Using MetaMap with Python to access the UMLS MetaThesaurus - A Quick Start Guide
The National Library of Medicine (NLM) created a tremendous resource called the Unified Medical Language Systems (UMLS). The UMLS is a suite of data and software resources that offers several tools for processing, representing, and analyzing biomedical text data. One exciting use case that we’ll explore here is using UMLS to identify signs and symptoms that are documented in the text of clinical encounter notes.
MetaMap is a software tool that identifies concepts in the text of clinical notes that are found in UMLS ontologies. MetaMap is written in Java and there is a convenient wrapper in Python: PyMetaMap written by Anthony Rios. There are other Python wrappers around MetaMap but PyMetaMap was the most straightforward to get running on my machine so that’s what we’ll use here.
Step 1: Installation
Make sure you have have MetaMap installed. Instructions are here: https://metamap.nlm.nih.gov/Installation.shtml
I used the default settings for the installation and it has worked out fine.
NB To use most UMLS resources you will have to register for an account and sign a data use agreement. This is free!
Step 2: Get some text data
Because working with clinical notes is often challening due to issues of de-identification, here are a few sample text notes we’ll use here. These are completely made up and not based on any real people.
note1 = "Mrs. Jones came in today complaining of a lot of chest pain. She denies shortness of breath and fevers."
note2 = "Mr. Smith has been having pain in his knee for many weeks. It hurts when he walks.
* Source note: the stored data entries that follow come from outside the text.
Fixpoint waiter_forces N (P : position N -> Prop) (k : nat) (s : position N) : Prop :=
  P s \/
  match k with
  | 0 => False
  | k'.+1 => exists e1 e2 : {set 'I_N},
      [/\ free_edge s e1, free_edge s e2, e1 != e2,
          waiter_forces P k' (e1 |: s.1, e2 |: s.2)
        & waiter_forces P k' (e2 |: s.1, e1 |: s.2)]
  end.

Definition good_copy (V : finType) (F : rft V) N (rho : V -> 'I_N)
    (s : position N) : Prop :=
  let Red := s.1 in let Blue := s.2 in
  exists phi : V -> 'I_N,
  [/\ injective phi /\
      (forall x y, adj F x y -> [set phi x; phi y] \in Red),
      (forall x, x \in rroots F -> phi x = rho x) /\
      (forall x y, x \in rroots F -> y \in rroots F -> x != y ->
                   [set phi x; phi y] \notin Red :|: Blue),
      (forall i e, e \in Blue -> ~~ (e \subset phi @: vset F i)) /\
      (forall i e, e \in Red -> e \subset phi @: vset F i ->
                   exists x y, [/\ adj F x y, part F x = i & e = [set phi x; phi y]]),
      (forall e, e \in Red :|: Blue -> ~~ [disjoint e & phi @: [set: V]])
    & (forall w, w \notin phi @: [set: V] ->
                   #|[set e in Red :|: Blue | w \in e]| <= 1 /\
                   (forall e u, e \in Red :|: Blue -> w \in e -> u \in e -> u != w ->
                      u \notin phi @: leaves F))].

(* Orient every tree of F towards its root: each edge of F is {x, parent x} for a unique
   non-root x, so F can be built by embedding its non-roots one at a time, each after its
   parent.  Waiter always offers two edges from images of embedded parents to vertices of B
   outside the copy, and whichever edge Client colours red extends the copy.  Three offers are
   used: two fresh vertices (untouched by coloured edges) for the same vertex x, which costs
   two fresh vertices; one fresh vertex for vertices of two different forests F_i and F_j,
   which costs one and leaves a blue edge between copies of different forests; and a
   two-round combination in which the blue endpoint of the first round is shared in the
   second, costing two fresh vertices for two rounds.  The choice is dictated by the numbers
   r_i of vertices of F_i still to be embedded: a balance condition between the r_i and the
   number of fresh vertices holds at the start by m-suitability (B has exactly m vertices
   besides the images of the roots) and is preserved by the right offer, so fresh vertices
   never run out.  Every blue edge either joins copies of different forests and not two roots,
   or hangs from the image of a parent, which is never a leaf; this yields (a)-(f). *)

From mathcomp Require Import all_boot zify.
Set Implicit Arguments. Unset Strict Implicit. Unset Printing Implicit Defensive.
There is no swelling, erythema, or micromotion tenderness."
note3 = "Sandy Lemon has been having headaches for two months that are associated with blurry vision and numbness in her right arm."
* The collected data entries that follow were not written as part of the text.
(* Let $0\le b\le1$, $M>0$ and $0\le\alpha<1$, and let $r_0=r_0(\alpha)$ be the real root in $(0,1)$ of the equation \[2M\left(1+\frac{\alpha(1-r)\log(1-r)}{r}\right)=\big(2(1+M)(1-\alpha)+(2-\alpha)(M-4b)r\big)(1-r).\] Let $\mathcal{F}$ be the class of functions $f\in\mathcal{A}_b$, $f(z)=z+\sum_{n\ge2}a_nz^n$, with $|a_n|\le M/n$ for all $n\ge3$. Then: (i) every $f\in\mathcal{F}$ satisfies $\left|\frac{zf'(z)}{f(z)}-1\right|\le1-\alpha$ for $|z|\le r_0$; (ii) $r_0(\alpha)$ is the radius of starlikeness of order $\alpha$ of $\mathcal{F}$; (iii) $r_0(1/2)$ is the radius of parabolic starlikeness of $\mathcal{F}$. All results are sharp, with extremal function $f_0(z)=(1+M)z+(M/2-2b)z^2+M\log(1-z)=z-2bz^2-M\sum_{n\ge3}z^n/n$.
   Context: $\mathbb{D}=\{z\in\mathbb{C}:|z|<1\}$; $\log(1-z)$ denotes the principal branch on $\mathbb{D}$, i.e. the branch vanishing at $z=0$. For $0\le b\le1$, $\mathcal{A}_b$ is the class of analytic functions $f$ on $\mathbb{D}$ of the form $f(z)=z+a_2z^2+a_3z^3+\cdots$ with $|a_2|=2b$. For a class $\mathcal{F}$ of analytic functions on $\mathbb{D}$ normalized by $f(0)=0$, $f'(0)=1$, and $0\le\alpha<1$, the radius of starlikeness of order $\alpha$ of $\mathcal{F}$ is the supremum of $r\in(0,1]$ such that every $f\in\mathcal{F}$ satisfies $f(z)\ne0$ for $0<|z|<r$ and $\operatorname{Re}\big(zf'(z)/f(z)\big)>\alpha$ for $|z|<r$ (the quotient being $1$ at $z=0$). The radius of parabolic starlikeness of $\mathcal{F}$ is the supremum of $r\in(0,1]$ such that every $f\in\mathcal{F}$ satisfies $\operatorname{Re}\big(zf'(z)/f(z)\big)>\left|zf'(z)/f(z)-1\right|$ for $|z|<r$. *)

From Stdlib Require Import Reals.
From Coquelicot Require Import Coquelicot.

Local Open Scope R_scope.

(* Sum of a complex series, computed componentwise (the sum of the series
   whenever it converges, which is always the case below on the unit disc). *)
Definition CSeries (u : nat -> C) : C :=
  (Series (fun n => Re (u n)), Series (fun n => Im (u n))).

(* The analytic function f(z) = sum_n a_n z^n on the unit disc, given by its
   Taylor coefficients a, and its derivative f'(z) = sum_n (n+1) a_(n+1) z^n. *)
Definition fval (a : nat -> C) (z : C) : C :=
  CSeries (fun n => (a n * z ^ n)%C).
Definition dval (a : nat -> C) (z : C) : C :=
  CSeries (fun n => (RtoC (INR (S n)) * a (S n) * z ^ n)%C).

Definition quot (a : nat -> C) (z : C) : C :=
  if Ceq_dec z 0%C then 1%C else (z * dval a z / fval a z)%C.

(* The class F: f in A_b (a_0 = 0, a_1 = 1, |a_2| = 2b) with |a_n| <= M/n, n >= 3. *)
Definition classF (M b : R) (a : nat -> C) : Prop :=
  a 0%nat = 0%C /\ a 1%nat = 1%C /\ Cmod (a 2%nat) = 2 * b /\
  forall n : nat, (3 <= n)%nat -> Cmod (a n) <= M / INR n.

Definition r0_eq (M b alpha r : R) : Prop :=
  2 * M * (1 + alpha * (1 - r) * ln (1 - r) / r) =
  (2 * (1 + M) * (1 - alpha) + (2 - alpha) * (M - 4 * b) * r) * (1 - r).

Definition is_r0 (M b alpha r : R) : Prop :=
  0 < r < 1 /\ r0_eq M b alpha r /\
  forall s : R, 0 < s < 1 -> r0_eq M b alpha s -> s = r.

(* Radius of starlikeness of order alpha of F = sup of this set. *)
Definition starlike_radii (M b alpha : R) (r : R) : Prop :=
  0 < r <= 1 /\
  forall a, classF M b a ->
    (forall z : C, 0 < Cmod z < r -> fval a z <> 0%C) /\
    (forall z : C, Cmod z < r -> Re (quot a z) > alpha).

(* Radius of parabolic starlikeness of F = sup of this set. *)
Definition parabolic_radii (M b : R) (r : R) : Prop :=
  0 < r <= 1 /\
  forall a, classF M b a ->
    forall z : C, Cmod z < r -> Re (quot a z) > Cmod (quot a z - 1)%C.

(* Write [f z = z (1 + T z)], so that [z f' z = z (1 + T z + U z)] and
   [z f'/f - 1 = U / (1 + T)], where [T z = sum a_(n+2) z^(n+1)] and
   [U z = sum (n+1) a_(n+2) z^(n+1)].  On [|z| = r] the coefficient bounds give
   [|T| <= majT r] and [|U| <= majU r], hence [|zf'/f - 1| <= majU / (1 - majT)],
   which is at most [1 - al] as long as [majG al r = majU r + (1 - al) majT r]
   stays below [1 - al].  [majG al] is strictly increasing and, summed in closed
   form, equals [1 - al] exactly at the root [r0] of the defining equation.  The
   extremal function [f_0] has coefficients [- maj] from [a_2] on, so at [z = r] it has
   [T = - majT r] and [U = - majU r]; just beyond [r0] its [zf'/f] is real and
   smaller than [al], which gives sharpness for both radii. *)

From Stdlib Require Import Reals Lra Lia Psatz.
From Coquelicot Require Import Coquelicot.
Local Open Scope R_scope.

Lemma ex_series_geom_dominated (u : nat -> R) (K r : R) :
  0 <= r < 1 -> (forall n, Rabs (u n) <= K * r ^ n) -> ex_series u.
Proof.
  intros Hr Hu. apply (ex_series_le u (fun n => K * r ^ n)); [exact Hu |].
  apply (ex_series_scal_l K (fun n => r ^ n)), ex_series_geom.
  rewrite Rabs_pos_eq; lra.
Qed.

Lemma Series_nonneg (u : nat -> R) :
  (forall n, 0 <= u n) -> ex_series u -> 0 <= Series u.
Proof.
  intros Hu Eu. replace 0 with (Series (fun n => 0 * u n)) by (rewrite Series_scal_l; ring).
  apply Series_le; [| exact Eu]. intros n; specialize (Hu n); split; lra.
Qed.

Lemma Series_le_ex (u v : nat -> R) :
  (forall n, u n <= v n) -> ex_series u -> ex_series v -> Series u <= Series v.
Proof.
  intros Huv Eu Ev.
  assert (0 <= Series (fun n => v n - u n)).
  { apply Series_nonneg; [intros n; specialize (Huv n); lra | exact (ex_series_minus v u Ev Eu)]. }
  rewrite Series_minus in H by assumption. lra.
Qed.

(* Strict at index 1 only: that is where the majorant series first involve [M > 0]. *)
Lemma Series_lt_at_1 (u v : nat -> R) :
  (forall n, u n <= v n) -> u 1%nat < v 1%nat ->
  ex_series u -> ex_series v -> Series u < Series v.
Proof.
  intros Huv H1 Eu Ev.
  assert (E := ex_series_minus v u Ev Eu).
  assert (Htail : 0 <= Series (fun k => v (2 + k)%nat - u (2 + k)%nat)).
  { apply Series_nonneg; [intros n; specialize (Huv (2 + n)%nat); lra |].
    exact (proj1 (ex_series_incr_n _ 2) E). }
  assert (0 < Series (fun n => v n - u n)).
  { rewrite (Series_incr_n _ 2); [simpl | lia | exact E].
    simpl in Htail. specialize (Huv 0%nat). lra. }
  rewrite Series_minus in H by assumption. lra.
Qed.

Lemma CV_radius_gt_of_bounded (c : nat -> R) (K x : R) :
  (forall n, Rabs (c n) <= K) -> Rabs x < 1 -> Rbar_lt (Rabs x) (CV_radius c).
Proof.
  intros Hc Hx. set (y := (Rabs x + 1) / 2).
  assert (Hx0 := Rabs_pos x).
  assert (Hy : Rbar_le y (CV_radius c)).
  { apply CV_radius_bounded. exists K. intros n. rewrite Rabs_mult.
    assert (Hyn : Rabs (y ^ n) <= 1).
    { rewrite <- RPow_abs, Rabs_pos_eq by (unfold y; lra).
      rewrite <- (pow1 n). apply pow_incr. unfold y; lra. }
    assert (0 <= Rabs (c n)) by apply Rabs_pos.
    assert (0 <= Rabs (y ^ n)) by apply Rabs_pos.
    specialize (Hc n). nra. }
  apply Rbar_lt_le_trans with y; [simpl; unfold y; lra | exact Hy].
Qed.

(* The Taylor coefficients of [- ln (1 - x)]. *)
Definition inv_nat (n : nat) : R := match n with O => 0 | S _ => / INR n end.

Lemma inv_nat_bound n : Rabs (inv_nat n) <= 1.
Proof.
  destruct n as [|m]; unfold inv_nat; [rewrite Rabs_R0; lra |].
  assert (H1 : 1 <= INR (S m)) by (apply (le_INR 1); lia).
  rewrite Rabs_pos_eq by (left; apply Rinv_0_lt_compat; lra).
  rewrite <- Rinv_1. apply Rinv_le_contravar; lra.
Qed.

Lemma PSeries_inv_nat x : 0 <= x < 1 -> PSeries inv_nat x = - ln (1 - x).
Proof.
  intros Hx.
  assert (Hderiv : forall t, 0 <= t < 1 ->
    is_derive (fun y => PSeries inv_nat y + ln (1 - y)) t 0).
  { intros t Ht.
    assert (Hr : Rbar_lt (Rabs t) (CV_radius inv_nat)).
    { apply (CV_radius_gt_of_bounded _ 1); [apply inv_nat_bound | rewrite Rabs_pos_eq; lra]. }
    assert (HPS : PSeries (PS_derive inv_nat) t = / (1 - t)).
    { rewrite <- Series_geom by (rewrite Rabs_pos_eq; lra). apply Series_ext. intros n.
      unfold PS_derive, inv_nat. rewrite Rinv_r; [ring | apply not_0_INR; lia]. }
    replace 0 with (/ (1 - t) + - / (1 - t)) by ring.
    apply (is_derive_plus (PSeries inv_nat) (fun y => ln (1 - y))).
    - rewrite <- HPS. exact (is_derive_PSeries _ _ Hr).
    - auto_derive; [lra | field; lra]. }
  destruct (Req_dec x 0) as [->|Hx0].
  - rewrite PSeries_0, Rminus_0_r, ln_1. simpl. ring.
  - assert (E : (fun y => PSeries inv_nat y + ln (1 - y)) 0
              = (fun y => PSeries inv_nat y + ln (1 - y)) x).
    { apply (eq_is_derive (fun y => PSeries inv_nat y + ln (1 - y)) 0 x); [| lra].
      intros t Ht. apply Hderiv. lra. }
    cbv beta in E. rewrite PSeries_0, Rminus_0_r, ln_1 in E. simpl in E. lra.
Qed.

Lemma ex_series_inv_nat r : 0 <= r < 1 -> ex_series (fun n => inv_nat n * r ^ n).
Proof.
  intros Hr. apply (ex_series_geom_dominated _ 1 r Hr). intros n.
  rewrite Rabs_mult, <- RPow_abs, (Rabs_pos_eq r) by lra.
  assert (H := inv_nat_bound n). assert (0 <= r ^ n) by (apply pow_le; lra).
  assert (0 <= Rabs (inv_nat n)) by apply Rabs_pos. nra.
Qed.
# Put them all together in a list
note_list = [note1, note2, note3]
Step 3: Install PyMetaMap
The last time I tried this, the version available via pip
was old. So installed the latest version (0.2) directly from the GitHub site here: https://github.com/AnthonyMRios/pymetamap
I accomplished this using:
pip install git+https://github.com/AnthonyMRios/pymetamap.git
Now load the necessary modules and set up the relevant servers in the background:
# Load MetaMap
from pymetamap import MetaMap
# Import os to make system calls
import os
# For pausing
from time import sleep
# Setup UMLS Server
metamap_base_dir = '/gwshare/umls_2021/metamap/public_mm/'
metamap_bin_dir = 'bin/metamap20'
metamap_pos_server_dir = 'bin/skrmedpostctl'
metamap_wsd_server_dir = 'bin/wsdserverctl'
# Start servers
os.system(metamap_base_dir + metamap_pos_server_dir + ' start') # Part of speech tagger
os.system(metamap_base_dir + metamap_wsd_server_dir + ' start') # Word sense disambiguation
# Sleep a bit to give time for these servers to start up
sleep(60)
Set up a MetaMap object to do the work. If you are running into memory issues with this approach, see some tips here: https://lhncbc.nlm.nih.gov/ii/tools/MetaMap/Docs/OutOfMemory.pdf
metam = MetaMap.get_instance(metamap_base_dir + metamap_bin_dir)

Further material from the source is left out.